Let's imagine that I've purchased an AMD Ryzen 7 8700G CPU from a computer store. This CPU, designed by AMD and released in early 2024, is capable of performing billions of operations per second, which is quite impressive. Now, let's say I simply want to add two numbers together and obtain the result. How can I communicate this task to the CPU? How do I tell the CPU, "Hey, here are two numbers. Please add them together and return the result to me?"
AMD Ryzen 7 8700G. Photo by Tom's Hardware.
As we've observed, there is a wide array of processors available today, each tailored to different applications with various optimizations such as power consumption and speed. Over the past 80 years, these processors have undergone dramatic changes in size, performance, and price. Comparing the computational power of a modern basic cell phone to that of the Apollo Guidance Computer, for example, would be practically meaningless. However, with all these historical advancements and variations, one fundamental aspect remains nearly unchanged: the basic operational principle of a processor.
Processors are essentially devices designed to execute tasks, functioning as an execution engine of sorts. Regardless of their processing power, a processor simply carries out the instructions it is given—no more, no less.
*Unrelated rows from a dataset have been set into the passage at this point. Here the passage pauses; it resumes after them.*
(* Let $p=\alpha(\alpha+1)>2$, $c_p=\frac{1+z_p}{1-z_p}$, $a_p=h_{c_p}'(z_p)/L_\alpha'(z_p)$, and $$g_p(s)=\begin{cases}a_pL_\alpha(s),& s\in[z_p,1],\\ h_{c_p}(s),& s\in[-1,z_p].\end{cases}$$ Then $g_p$ is $C^1$ on $[-1,1]$, $g_p\ge h_{c_p}$, and for $s\in(-1,1)\setminus\{z_p\}$: $$Dg_p(s):=(1-s^2)g_p''-2sg_p'+pg_p\le0,\qquad \frac{Dg_p(s)}{1-s^2}+Kg_p(s)\le0,$$ where $Kg=p(p-1)g-2(p-1)sg'-(1-s^2)g''$. Consequently, the function $\phi(x,y)=(x+y)^p g_p\big(\frac{y-x}{x+y}\big)$ satisfies $\phi(x,y)\ge y^p-c_p^px^p$ for $x,y\ge0$, $(x,y)\ne(0,0)$, and for all $x,y>0$ with $\frac{y-x}{x+y}\ne z_p$ and all vectors $h,k\in\mathbb R^2$ with $|k|\le|h|$: $$\Big(\frac1x\phi_x+\phi_{xx}\Big)|h|^2+2\phi_{xy}\,(h\cdot k)+\Big(\phi_{yy}+\frac1y\phi_y\Big)|k|^2\le0 .$$
   Context: $L_\alpha$ is the solution on $(-1,1)$ of $(1-s^2)y''-2sy'+\alpha(\alpha+1)y=0$ bounded near $1$ with $L_\alpha(1)=1$; $z_p$ is its largest zero in $(-1,1)$; $h_c(s)=\big(\frac{1+s}{2}\big)^p-c^p\big(\frac{1-s}{2}\big)^p$. *)

From Stdlib Require Import Reals Lra.
Open Scope R_scope.

(* real power x^y for x >= 0, with the convention 0^y = 0 (y > 0 throughout) *)
Definition pw (x y : R) : R := if Rle_dec x 0 then 0 else Rpower x y.

Definition hc (p c s : R) : R := pw ((1 + s) / 2) p - pw c p * pw ((1 - s) / 2) p.

Definition gp (p c a z : R) (L : R -> R) (s : R) : R :=
  if Rle_dec z s then a * L s else hc p c s.

Definition phi (p : R) (g : R -> R) (x y : R) : R := pw (x + y) p * g ((y - x) / (x + y)).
We provide a list of commands, or instructions, to a processor, and it executes them one by one. Each instruction tells the processor precisely what action to take. A computer program essentially consists of an ordered set of instructions for the processor to follow. These instructions are stored in memory, typically RAM, and can be accessed by the processor. The processor then begins executing these instructions sequentially, from start to finish. Below is an illustration of how a program appears in memory:
Instruction 001: Do this
Instruction 002: Do that
Instruction 003: If A < N, do this otherwise do that
...
Instruction 875: Do this
Instruction 876: End
As you may have noticed, for a processor to be capable of performing useful tasks, it needs to support more than just one instruction. A processor that can only add two numbers together without any additional functionality wouldn't be very practical, would it? Therefore, processors are designed to support a wide range of instructions, and the set of instructions supported by a processor is called its Instruction Set.
If you're interested in this topic, you may have come across two terms: RISC and CISC. In these terms, IS
in the middle stands for Instruction Set. RISC stands for Reduced Instruction Set Computer, while CISC stands for Complex Instruction Set Computer. Anyway, let's proceed with our exploration: talking with processors.
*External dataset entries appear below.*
Lemma poch_int_div_fact x n : x \is a Num.int -> poch x n / n`!%:R \is a Num.int.
Proof.
have natS m : poch (m.+1%:R : R) n / n`!%:R \is a Num.int.
  by rewrite poch_natS -bin_ffact natrM mulfK ?natr_int ?natr_fact_neq0.
have opp m : poch (- m%:R : R) n / n`!%:R \is a Num.int.
  have [mn | nm] := ltnP m n; first by rewrite poch_opp_eq0 // mul0r rpred0.
  rewrite poch_opp -natrB // natr1 -mulrA rpredM ?natS //.
  by rewrite rpredX ?rpredN ?rpred1.
case/intrP => [[[|m] | m]] ->.
- by have := opp 0%N; rewrite oppr0.
- exact: natS.
- by rewrite NegzE mulrNz; exact: opp.
Qed.

End Pochhammer.

Lemma prod_skip_sub (R : realType) (i n : nat) : (i <= n)%N ->
  \prod_(k < n.+1 | k != i :> nat) (k%:R - i%:R : R) = (-1) ^+ i * (i`! * (n - i)`!)%:R.
Proof.
elim: n => [|n IHn]; first by rewrite leqn0 => /eqP->; rewrite big_mkcond big_ord1 /= mul1r.
rewrite leq_eqVlt ltnS => /predU1P[-> | le_in].
  rewrite subnn muln1 big_mkcond big_ord_recr /= eqxx mulr1 -big_mkcond /=.
  have -> : \prod_(k < n.+1 | k != n.+1 :> nat) (k%:R - n.+1%:R) = poch (- n.+1%:R : R) n.+1.
    by apply: eq_big => [k | k _]; [rewrite neq_ltn ltn_ord | rewrite addrC].
  by rewrite poch_opp subrr add0r (poch_natS R 0) add0n ffactnn.
rewrite big_mkcond big_ord_recr /= -big_mkcond IHn // (gtn_eqF (le_in : (i < n.+1)%N)) /=.
by rewrite subSn // factS !natrM -(natrB _ (leqW le_in)) subSn //; ring.
Qed.

Section PartialFractions.
Variables (R : realType) (n j : nat).
Hypothesis j_le_n : (j <= n)%N.

Definition poch_skip (t : R) := \prod_(k < n.+1 | k != j :> nat) (t + k%:R).

Definition U_j : set R := ball (- j%:R : R) 1.

Lemma open_U_j : open U_j. Proof. exact: ball_open. Qed.

Lemma U_j_center : U_j (- j%:R). Proof. exact: ballxx. Qed.

Lemma U_j_addn_neq0 t (k : nat) : U_j t -> k != j -> t + k%:R != 0.
Proof.
rewrite /U_j -ball_normE /= => Ut; apply: contraNneq => /eqP; rewrite addr_eq0 => /eqP tE.
move: Ut; rewrite tE opprK addrC; case: (ltngtP k j) => [kj | jk | -> //] Ut.
  by move: Ut; rewrite -opprB normrN -natrB 1?ltnW // normr_nat ltrn1; lia.
by move: Ut; rewrite -natrB 1?ltnW // normr_nat ltrn1; lia.
Qed.

Lemma poch_skip_neq0 t : U_j t -> poch_skip t != 0.
Proof. by move=> Ut; apply/prodf_neq0 => k; exact: U_j_addn_neq0. Qed.

(* (t + j)/(t + i), written so that it is the constant 1 when i = j *)
Definition pf_term (i : nat) (t : R) := 1 + (j%:R - i%:R) / (t + i%:R).

Lemma pf_term_id : pf_term j = fun=> 1.
Proof. by apply/funext => t; rewrite /pf_term subrr mul0r addr0. Qed.

Lemma prod_skip_pf_term (i : nat) t : (i <= n)%N -> U_j t ->
  \prod_(k < n.+1 | k != i :> nat) (t + k%:R) / poch_skip t = pf_term i t.
Proof.
move=> le_in Ut; have [-> | ij] := eqVneq i j; first by rewrite pf_term_id divff ?poch_skip_neq0.
have full_prod (l : nat) : (l <= n)%N -> \prod_(k < n.+1) (t + k%:R) =
    (t + l%:R) * \prod_(k < n.+1 | k != l :> nat) (t + k%:R).
  by move=> le_ln; rewrite (bigD1 (Ordinal (le_ln : (l < n.+1)%N))).
have := full_prod j j_le_n; rewrite (full_prod i le_in) -/(poch_skip t) => E.
have ti := U_j_addn_neq0 Ut ij; have tj := poch_skip_neq0 Ut.
apply: (mulIf ti); rewrite mulrAC [_ * (t + _)]mulrC E /pf_term; field.
by rewrite ti tj.
Qed.

Lemma smooth_pf_term i : smooth_on U_j (pf_term i).
Proof.
have [-> | ij] := eqVneq i j; first by rewrite pf_term_id; exact: smooth_on_cst.
apply: smooth_onD; [exact: open_U_j | exact: smooth_on_cst |].
by apply: smooth_on_pole => [|t Ut]; [exact: open_U_j | exact: U_j_addn_neq0].
Qed.

Section Interpolation.
Variable P : {poly R}.
Hypotheses (size_P : (size P <= n.+1)%N)
  (P_int : forall i, (i <= n)%N -> P.[- i%:R] / n`!%:R \is a Num.int).

Definition lagrange_coef (i : nat) :=
  P.[- i%:R] / \prod_(k < n.+1 | k != i :> nat) (k%:R - i%:R).

Lemma lagrange_coef_int i : (i <= n)%N -> lagrange_coef i \is a Num.int.
Proof.
move=> le_in; rewrite /lagrange_coef prod_skip_sub //.
have -> : P.[- i%:R] / ((-1) ^+ i * (i`! * (n - i)`!)%:R) =
    P.[- i%:R] / n`!%:R * ((-1) ^+ i * 'C(n, i)%:R).
  rewrite -(bin_fact le_in) !natrM invfM -exprVn invrN1; field.
  by rewrite !natr_fact_neq0 pnatr_eq0 -lt0n bin_gt0 le_in.
by rewrite rpredM ?P_int // rpredM ?rpredX ?rpredN ?rpred1 ?natr_int.
Qed.

Lemma horner_lagrange t :
  P.[t] = \sum_(i < n.+1) lagrange_coef i * \prod_(k < n.+1 | k != i :> nat) (t + k%:R).
Proof.
have x_inj : injective (fun k : nat => - k%:R : R).
  by move=> k l /oppr_inj /eqP; rewrite eqr_nat => /eqP.
rewrite {1}(lagrange_gen (ltn0Sn n) x_inj size_P) horner_sum; apply: eq_bigr => i _.
rewrite (lagrangeE (ltn0Sn n) x_inj) /= !hornerM !hornerC !horner_prod mulrA /lagrange_coef.
by congr (_ / _ * _); apply: eq_big => // k _; rewrite hornerXsubC opprK // addrC.
Qed.

Definition pf_quot t := P.[t] / poch_skip t.

Lemma pf_quot_expansion t : U_j t ->
  pf_quot t = \sum_(i < n.+1) lagrange_coef i * pf_term i t.
Proof.
move=> Ut; rewrite /pf_quot horner_lagrange mulr_suml; apply: eq_bigr => i _.
by rewrite -mulrA prod_skip_pf_term // -ltnS.
Qed.

Lemma smooth_pf_quot : smooth_on U_j pf_quot.
Proof.
have oU := open_U_j; apply: (smooth_on_eq oU (fun t Ut => esym (pf_quot_expansion Ut))).
by apply: smooth_on_sum => // i; apply: smooth_onM => //; [exact: smooth_on_cst | exact: smooth_pf_term].
Qed.

Section Integrality.
Variable d : nat.
Hypothesis dvd_d : forall k, (0 < k <= n)%N -> (k %| d)%N.

Lemma div_dist_int i : (i <= n)%N -> d%:R / (- j%:R + i%:R : R) \is a Num.int.
Proof.
move=> le_in; rewrite addrC; have [ij | ji | ->] := ltngtP i j; last by rewrite subrr invr0 mulr0.
  rewrite -opprB -natrB 1?ltnW // invrN mulrN rpredN -natf_div ?natr_int //.
  by apply: dvd_d; lia.
rewrite -natrB 1?ltnW // -natf_div ?natr_int //.
by apply: dvd_d; lia.
Qed.

Lemma int_taylor_pf_term i : (i <= n)%N -> int_taylor (- j%:R) d 1 (pf_term i).
Proof.
move=> le_in; have [-> | ij] := eqVneq i j.
  by rewrite pf_term_id; apply: int_taylor_cst; rewrite mulr1 rpred1.
have U_i t : U_j t -> t + i%:R != 0 by move=> Ut; exact: U_j_addn_neq0.
have [oU Uj] := (open_U_j, U_j_center).
rewrite /pf_term; apply: (int_taylorD oU Uj (smooth_on_cst (c := 1)) (smooth_on_pole oU U_i)).
  by apply: int_taylor_cst; rewrite mulr1 rpred1.
apply: (int_taylor_pole oU Uj U_i _ (div_dist_int le_in)).
have ij0 : i%:R - j%:R != 0 :> R by rewrite subr_eq0 eqr_nat.
by rewrite [_ + i%:R]addrC -[j%:R - _]opprB mulNr divff // rpredN rpred1.
Qed.

Lemma int_taylor_pf_quot : int_taylor (- j%:R) d 1 pf_quot.
Proof.
have [oU Uj] := (open_U_j, U_j_center).
apply: (int_taylor_eq_on oU Uj (fun t Ut => esym (pf_quot_expansion Ut))).
apply: (int_taylor_sum oU Uj) => i.
  by apply: smooth_onM => //; [exact: smooth_on_cst | exact: smooth_pf_term].
have i_le_n : (i <= n)%N by rewrite -ltnS.
have coef_int : int_taylor (- j%:R) d 1 (fun=> lagrange_coef i).
  by apply: int_taylor_cst; rewrite mul1r lagrange_coef_int.
have := int_taylorM oU Uj (smooth_on_cst (c := _)) (smooth_pf_term (i := i)) coef_int
  (int_taylor_pf_term i_le_n).
by rewrite mulr1.
Qed.

End Integrality.

End Interpolation.

End PartialFractions.

Section PochhammerPoly.
Variable R : realType.

Definition pochp (c : R) (m : nat) : {poly R} := \prod_(k < m) ('X - (- (c + k%:R))%:P).

Lemma horner_pochp c m t : (pochp c m).[t] = poch (t + c) m.
Proof. by rewrite horner_prod; apply: eq_bigr => k _; rewrite hornerXsubC opprK addrA. Qed.

Lemma size_pochp c m : size (pochp c m) = m.+1.
Proof. by rewrite size_prod_XsubC /index_enum -enumT size_enum_ord. Qed.

Lemma pochp_int c m i : c \is a Num.int ->
  (pochp c m).[- i%:R] / m`!%:R \is a Num.int.
Proof. by move=> c_int; rewrite horner_pochp poch_int_div_fact ?rpredD ?rpredN ?natr_int. Qed.

End PochhammerPoly.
Let's delve into instructions in more detail. As mentioned earlier, instructions are stored in memory and are accessible by the processor. Computers operate using numbers, binary numbers most of the time, which consist of 0s and 1s. This applies to both memory and processors. Each instruction communicates to the processor what action to take. To efficiently store these commands in memory, each command is encoded with a number. For instance, for a specific processor, reading a "01" from memory might indicate an addition operation, "10" for subtraction, "11" for comparison, and so on. In a moment, I'll provide a real-life example from a processor to illustrate this further. Stay tuned!
Example: PIC16F84
Let's examine a real-life example. To maintain simplicity and focus on the topic without getting distracted by advanced features implemented by a processor, I've chosen an old microcontroller from Microchip Technology: the PIC16F84. This microcontroller holds a special significance for me because it was the first microcontroller I programmed when I began experimenting with hobby electronics in high school.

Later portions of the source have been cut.